**Problem to solve**
Restate word for word the lines in the listing below, starting at the line containing "(* For every" and ending at the line containing "Leaf a Leaf", both included; leave out the rest.

**The input**
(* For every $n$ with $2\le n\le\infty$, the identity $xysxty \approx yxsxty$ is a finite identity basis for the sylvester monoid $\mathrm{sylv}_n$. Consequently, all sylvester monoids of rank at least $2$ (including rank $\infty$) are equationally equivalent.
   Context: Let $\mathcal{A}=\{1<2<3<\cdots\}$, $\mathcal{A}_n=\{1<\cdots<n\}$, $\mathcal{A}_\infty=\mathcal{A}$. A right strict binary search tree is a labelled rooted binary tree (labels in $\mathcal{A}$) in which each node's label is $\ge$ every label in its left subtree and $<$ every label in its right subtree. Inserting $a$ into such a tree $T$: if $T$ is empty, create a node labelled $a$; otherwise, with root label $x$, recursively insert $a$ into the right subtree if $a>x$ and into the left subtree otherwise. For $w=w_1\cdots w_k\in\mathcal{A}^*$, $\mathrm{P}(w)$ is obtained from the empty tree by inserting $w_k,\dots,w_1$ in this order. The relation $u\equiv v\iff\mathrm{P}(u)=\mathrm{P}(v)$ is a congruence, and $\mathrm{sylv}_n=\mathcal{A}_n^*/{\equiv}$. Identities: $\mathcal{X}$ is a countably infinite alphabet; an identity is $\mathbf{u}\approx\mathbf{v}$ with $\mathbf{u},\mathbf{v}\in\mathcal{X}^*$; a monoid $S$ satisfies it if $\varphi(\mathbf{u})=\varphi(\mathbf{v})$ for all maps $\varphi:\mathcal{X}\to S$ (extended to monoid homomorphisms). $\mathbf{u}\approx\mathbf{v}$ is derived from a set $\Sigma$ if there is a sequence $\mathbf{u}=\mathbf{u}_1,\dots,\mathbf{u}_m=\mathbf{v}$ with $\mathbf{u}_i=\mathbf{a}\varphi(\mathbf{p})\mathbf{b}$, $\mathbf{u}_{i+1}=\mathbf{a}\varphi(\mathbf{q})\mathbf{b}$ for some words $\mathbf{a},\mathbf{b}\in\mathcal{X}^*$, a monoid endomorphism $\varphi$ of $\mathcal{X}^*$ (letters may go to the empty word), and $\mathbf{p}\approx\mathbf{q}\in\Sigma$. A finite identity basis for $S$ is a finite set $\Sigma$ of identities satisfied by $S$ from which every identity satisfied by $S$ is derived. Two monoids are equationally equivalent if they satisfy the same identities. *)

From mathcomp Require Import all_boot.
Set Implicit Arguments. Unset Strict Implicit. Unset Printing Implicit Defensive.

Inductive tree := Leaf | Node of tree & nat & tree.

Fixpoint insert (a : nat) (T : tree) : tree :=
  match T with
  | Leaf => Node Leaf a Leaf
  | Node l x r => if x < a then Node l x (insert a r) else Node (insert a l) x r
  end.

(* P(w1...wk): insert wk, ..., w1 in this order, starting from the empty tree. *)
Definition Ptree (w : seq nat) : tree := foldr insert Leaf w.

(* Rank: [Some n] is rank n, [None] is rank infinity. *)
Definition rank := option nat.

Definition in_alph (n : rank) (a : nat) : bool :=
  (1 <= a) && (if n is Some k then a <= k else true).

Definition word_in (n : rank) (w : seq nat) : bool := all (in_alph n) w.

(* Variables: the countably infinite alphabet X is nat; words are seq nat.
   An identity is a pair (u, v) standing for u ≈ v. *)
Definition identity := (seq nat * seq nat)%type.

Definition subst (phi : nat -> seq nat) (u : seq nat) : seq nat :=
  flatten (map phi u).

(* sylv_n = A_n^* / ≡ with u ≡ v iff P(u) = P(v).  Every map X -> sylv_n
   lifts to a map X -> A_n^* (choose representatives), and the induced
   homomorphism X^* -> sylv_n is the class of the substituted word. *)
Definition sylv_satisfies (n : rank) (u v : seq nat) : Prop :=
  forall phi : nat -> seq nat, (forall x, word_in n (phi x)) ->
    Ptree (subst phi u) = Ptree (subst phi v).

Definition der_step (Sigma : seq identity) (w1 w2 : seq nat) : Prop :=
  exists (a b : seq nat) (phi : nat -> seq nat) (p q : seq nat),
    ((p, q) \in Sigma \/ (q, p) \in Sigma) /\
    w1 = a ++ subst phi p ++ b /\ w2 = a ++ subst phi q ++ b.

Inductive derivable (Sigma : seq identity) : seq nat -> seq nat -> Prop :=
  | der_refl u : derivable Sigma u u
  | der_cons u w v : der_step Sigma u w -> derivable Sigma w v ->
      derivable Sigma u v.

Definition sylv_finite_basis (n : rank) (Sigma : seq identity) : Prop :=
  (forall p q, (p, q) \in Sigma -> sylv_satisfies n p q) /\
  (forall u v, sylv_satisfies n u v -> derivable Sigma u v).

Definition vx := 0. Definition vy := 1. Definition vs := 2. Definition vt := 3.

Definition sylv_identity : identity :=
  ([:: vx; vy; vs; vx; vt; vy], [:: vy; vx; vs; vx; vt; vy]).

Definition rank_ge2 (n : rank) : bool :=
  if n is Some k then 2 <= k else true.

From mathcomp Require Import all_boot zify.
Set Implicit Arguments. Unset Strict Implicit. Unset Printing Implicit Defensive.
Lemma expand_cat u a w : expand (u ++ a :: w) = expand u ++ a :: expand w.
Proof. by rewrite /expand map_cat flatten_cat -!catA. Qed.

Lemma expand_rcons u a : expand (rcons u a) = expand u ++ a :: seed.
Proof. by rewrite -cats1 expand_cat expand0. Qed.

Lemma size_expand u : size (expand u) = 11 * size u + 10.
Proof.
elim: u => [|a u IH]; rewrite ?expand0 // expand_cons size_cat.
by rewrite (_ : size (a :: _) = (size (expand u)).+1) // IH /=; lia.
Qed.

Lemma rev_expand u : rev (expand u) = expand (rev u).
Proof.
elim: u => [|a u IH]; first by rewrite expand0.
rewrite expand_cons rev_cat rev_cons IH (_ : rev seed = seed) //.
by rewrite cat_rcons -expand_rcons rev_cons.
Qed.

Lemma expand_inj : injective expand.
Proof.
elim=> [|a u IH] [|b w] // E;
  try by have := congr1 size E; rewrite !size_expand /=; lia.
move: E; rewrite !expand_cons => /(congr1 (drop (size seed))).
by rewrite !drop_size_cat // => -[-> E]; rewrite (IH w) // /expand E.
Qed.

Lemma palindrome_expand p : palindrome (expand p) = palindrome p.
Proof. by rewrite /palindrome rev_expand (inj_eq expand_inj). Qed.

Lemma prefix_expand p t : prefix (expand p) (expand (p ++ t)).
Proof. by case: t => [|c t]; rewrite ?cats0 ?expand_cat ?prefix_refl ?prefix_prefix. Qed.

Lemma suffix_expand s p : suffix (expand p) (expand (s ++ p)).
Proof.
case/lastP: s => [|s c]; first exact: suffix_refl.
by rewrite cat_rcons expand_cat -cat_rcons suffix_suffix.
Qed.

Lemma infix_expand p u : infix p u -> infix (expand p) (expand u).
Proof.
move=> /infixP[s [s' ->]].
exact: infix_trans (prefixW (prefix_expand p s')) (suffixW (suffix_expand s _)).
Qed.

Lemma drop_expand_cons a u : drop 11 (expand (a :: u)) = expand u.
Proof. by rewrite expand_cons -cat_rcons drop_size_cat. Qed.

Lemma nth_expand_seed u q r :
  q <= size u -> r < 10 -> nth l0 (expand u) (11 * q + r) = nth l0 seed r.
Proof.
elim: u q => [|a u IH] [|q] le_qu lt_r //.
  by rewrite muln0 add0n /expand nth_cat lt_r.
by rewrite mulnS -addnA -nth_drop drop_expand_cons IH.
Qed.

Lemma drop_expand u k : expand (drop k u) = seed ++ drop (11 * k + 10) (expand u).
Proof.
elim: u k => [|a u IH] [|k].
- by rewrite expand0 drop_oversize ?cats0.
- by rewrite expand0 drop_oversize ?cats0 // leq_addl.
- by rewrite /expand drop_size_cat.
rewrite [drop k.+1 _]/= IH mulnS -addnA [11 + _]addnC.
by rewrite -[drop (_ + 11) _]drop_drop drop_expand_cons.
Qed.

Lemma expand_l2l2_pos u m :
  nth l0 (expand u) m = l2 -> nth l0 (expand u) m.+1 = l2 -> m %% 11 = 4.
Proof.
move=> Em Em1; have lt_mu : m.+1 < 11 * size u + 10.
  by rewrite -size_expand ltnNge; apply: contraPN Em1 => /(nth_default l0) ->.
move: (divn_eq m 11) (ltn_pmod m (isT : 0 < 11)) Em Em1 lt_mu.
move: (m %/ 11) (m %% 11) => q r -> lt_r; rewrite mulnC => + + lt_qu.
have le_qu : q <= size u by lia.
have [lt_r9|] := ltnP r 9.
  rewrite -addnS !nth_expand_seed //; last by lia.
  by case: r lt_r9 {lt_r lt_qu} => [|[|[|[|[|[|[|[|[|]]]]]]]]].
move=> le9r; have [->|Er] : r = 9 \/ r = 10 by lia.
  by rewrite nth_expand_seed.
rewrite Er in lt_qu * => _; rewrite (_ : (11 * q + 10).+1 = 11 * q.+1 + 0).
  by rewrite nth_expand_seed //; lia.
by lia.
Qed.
* * *
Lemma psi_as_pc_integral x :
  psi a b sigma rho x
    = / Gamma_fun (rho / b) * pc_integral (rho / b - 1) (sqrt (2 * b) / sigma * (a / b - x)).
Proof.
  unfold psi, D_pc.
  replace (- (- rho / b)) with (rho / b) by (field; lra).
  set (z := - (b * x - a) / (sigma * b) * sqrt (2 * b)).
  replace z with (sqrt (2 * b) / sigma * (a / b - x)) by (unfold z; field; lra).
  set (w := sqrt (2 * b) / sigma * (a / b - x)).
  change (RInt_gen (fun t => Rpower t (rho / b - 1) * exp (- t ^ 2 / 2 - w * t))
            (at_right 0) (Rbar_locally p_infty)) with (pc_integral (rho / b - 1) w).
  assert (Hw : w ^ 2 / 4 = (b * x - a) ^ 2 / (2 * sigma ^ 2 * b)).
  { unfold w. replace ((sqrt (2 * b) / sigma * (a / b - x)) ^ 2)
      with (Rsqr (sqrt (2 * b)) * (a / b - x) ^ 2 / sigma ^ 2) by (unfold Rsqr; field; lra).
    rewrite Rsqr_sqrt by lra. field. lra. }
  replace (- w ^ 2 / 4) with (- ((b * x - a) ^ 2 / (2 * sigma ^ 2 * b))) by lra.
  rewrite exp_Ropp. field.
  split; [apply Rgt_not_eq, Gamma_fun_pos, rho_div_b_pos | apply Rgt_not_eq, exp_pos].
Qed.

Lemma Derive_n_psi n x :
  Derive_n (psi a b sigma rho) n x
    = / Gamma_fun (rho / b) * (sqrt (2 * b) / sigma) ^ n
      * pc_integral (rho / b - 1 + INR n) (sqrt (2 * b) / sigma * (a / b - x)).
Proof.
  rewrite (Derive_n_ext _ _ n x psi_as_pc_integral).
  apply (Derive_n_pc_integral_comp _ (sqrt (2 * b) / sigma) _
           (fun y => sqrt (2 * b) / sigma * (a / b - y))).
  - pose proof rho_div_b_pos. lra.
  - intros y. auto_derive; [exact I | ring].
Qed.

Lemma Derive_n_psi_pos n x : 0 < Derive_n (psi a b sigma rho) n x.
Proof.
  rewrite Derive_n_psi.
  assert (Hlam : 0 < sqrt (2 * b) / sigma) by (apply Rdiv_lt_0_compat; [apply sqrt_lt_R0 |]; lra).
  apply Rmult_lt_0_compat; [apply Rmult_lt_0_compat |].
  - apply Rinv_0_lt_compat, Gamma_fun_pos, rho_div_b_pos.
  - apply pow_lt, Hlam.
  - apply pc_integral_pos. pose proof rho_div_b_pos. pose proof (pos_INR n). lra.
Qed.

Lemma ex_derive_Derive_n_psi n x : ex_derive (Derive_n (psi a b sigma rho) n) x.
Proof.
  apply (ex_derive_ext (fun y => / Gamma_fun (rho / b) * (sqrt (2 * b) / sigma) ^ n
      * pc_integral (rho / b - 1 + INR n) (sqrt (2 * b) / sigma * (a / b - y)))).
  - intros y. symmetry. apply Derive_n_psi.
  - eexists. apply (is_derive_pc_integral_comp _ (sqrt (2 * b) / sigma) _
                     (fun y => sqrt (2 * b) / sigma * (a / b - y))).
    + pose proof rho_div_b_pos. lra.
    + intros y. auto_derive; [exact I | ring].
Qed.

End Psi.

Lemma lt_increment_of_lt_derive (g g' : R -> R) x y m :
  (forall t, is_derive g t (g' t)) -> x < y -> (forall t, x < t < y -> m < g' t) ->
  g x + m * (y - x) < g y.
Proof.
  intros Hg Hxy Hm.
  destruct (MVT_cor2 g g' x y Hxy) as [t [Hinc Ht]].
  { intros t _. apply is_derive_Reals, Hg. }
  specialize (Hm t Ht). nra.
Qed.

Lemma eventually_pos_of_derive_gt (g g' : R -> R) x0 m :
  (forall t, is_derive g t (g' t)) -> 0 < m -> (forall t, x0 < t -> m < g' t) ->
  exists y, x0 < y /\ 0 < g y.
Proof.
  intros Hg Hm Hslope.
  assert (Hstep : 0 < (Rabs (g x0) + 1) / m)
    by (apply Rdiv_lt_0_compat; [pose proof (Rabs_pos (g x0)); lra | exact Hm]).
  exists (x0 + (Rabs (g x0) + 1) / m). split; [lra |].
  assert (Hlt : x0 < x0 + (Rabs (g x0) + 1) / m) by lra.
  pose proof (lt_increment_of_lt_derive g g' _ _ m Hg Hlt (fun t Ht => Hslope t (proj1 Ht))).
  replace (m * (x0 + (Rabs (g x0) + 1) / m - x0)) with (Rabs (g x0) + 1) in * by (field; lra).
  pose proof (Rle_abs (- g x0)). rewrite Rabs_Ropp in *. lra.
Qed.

**Response to the task**
(* For every $n$ with $2\le n\le\infty$, the identity $xysxty \approx yxsxty$ is a finite identity basis for the sylvester monoid $\mathrm{sylv}_n$. Consequently, all sylvester monoids of rank at least $2$ (including rank $\infty$) are equationally equivalent.
   Context: Let $\mathcal{A}=\{1<2<3<\cdots\}$, $\mathcal{A}_n=\{1<\cdots<n\}$, $\mathcal{A}_\infty=\mathcal{A}$. A right strict binary search tree is a labelled rooted binary tree (labels in $\mathcal{A}$) in which each node's label is $\ge$ every label in its left subtree and $<$ every label in its right subtree. Inserting $a$ into such a tree $T$: if $T$ is empty, create a node labelled $a$; otherwise, with root label $x$, recursively insert $a$ into the right subtree if $a>x$ and into the left subtree otherwise. For $w=w_1\cdots w_k\in\mathcal{A}^*$, $\mathrm{P}(w)$ is obtained from the empty tree by inserting $w_k,\dots,w_1$ in this order. The relation $u\equiv v\iff\mathrm{P}(u)=\mathrm{P}(v)$ is a congruence, and $\mathrm{sylv}_n=\mathcal{A}_n^*/{\equiv}$. Identities: $\mathcal{X}$ is a countably infinite alphabet; an identity is $\mathbf{u}\approx\mathbf{v}$ with $\mathbf{u},\mathbf{v}\in\mathcal{X}^*$; a monoid $S$ satisfies it if $\varphi(\mathbf{u})=\varphi(\mathbf{v})$ for all maps $\varphi:\mathcal{X}\to S$ (extended to monoid homomorphisms). $\mathbf{u}\approx\mathbf{v}$ is derived from a set $\Sigma$ if there is a sequence $\mathbf{u}=\mathbf{u}_1,\dots,\mathbf{u}_m=\mathbf{v}$ with $\mathbf{u}_i=\mathbf{a}\varphi(\mathbf{p})\mathbf{b}$, $\mathbf{u}_{i+1}=\mathbf{a}\varphi(\mathbf{q})\mathbf{b}$ for some words $\mathbf{a},\mathbf{b}\in\mathcal{X}^*$, a monoid endomorphism $\varphi$ of $\mathcal{X}^*$ (letters may go to the empty word), and $\mathbf{p}\approx\mathbf{q}\in\Sigma$. A finite identity basis for $S$ is a finite set $\Sigma$ of identities satisfied by $S$ from which every identity satisfied by $S$ is derived. Two monoids are equationally equivalent if they satisfy the same identities. *)

From mathcomp Require Import all_boot.
Set Implicit Arguments. Unset Strict Implicit. Unset Printing Implicit Defensive.

Inductive tree := Leaf | Node of tree & nat & tree.

Fixpoint insert (a : nat) (T : tree) : tree :=
  match T with
  | Leaf => Node Leaf a Leaf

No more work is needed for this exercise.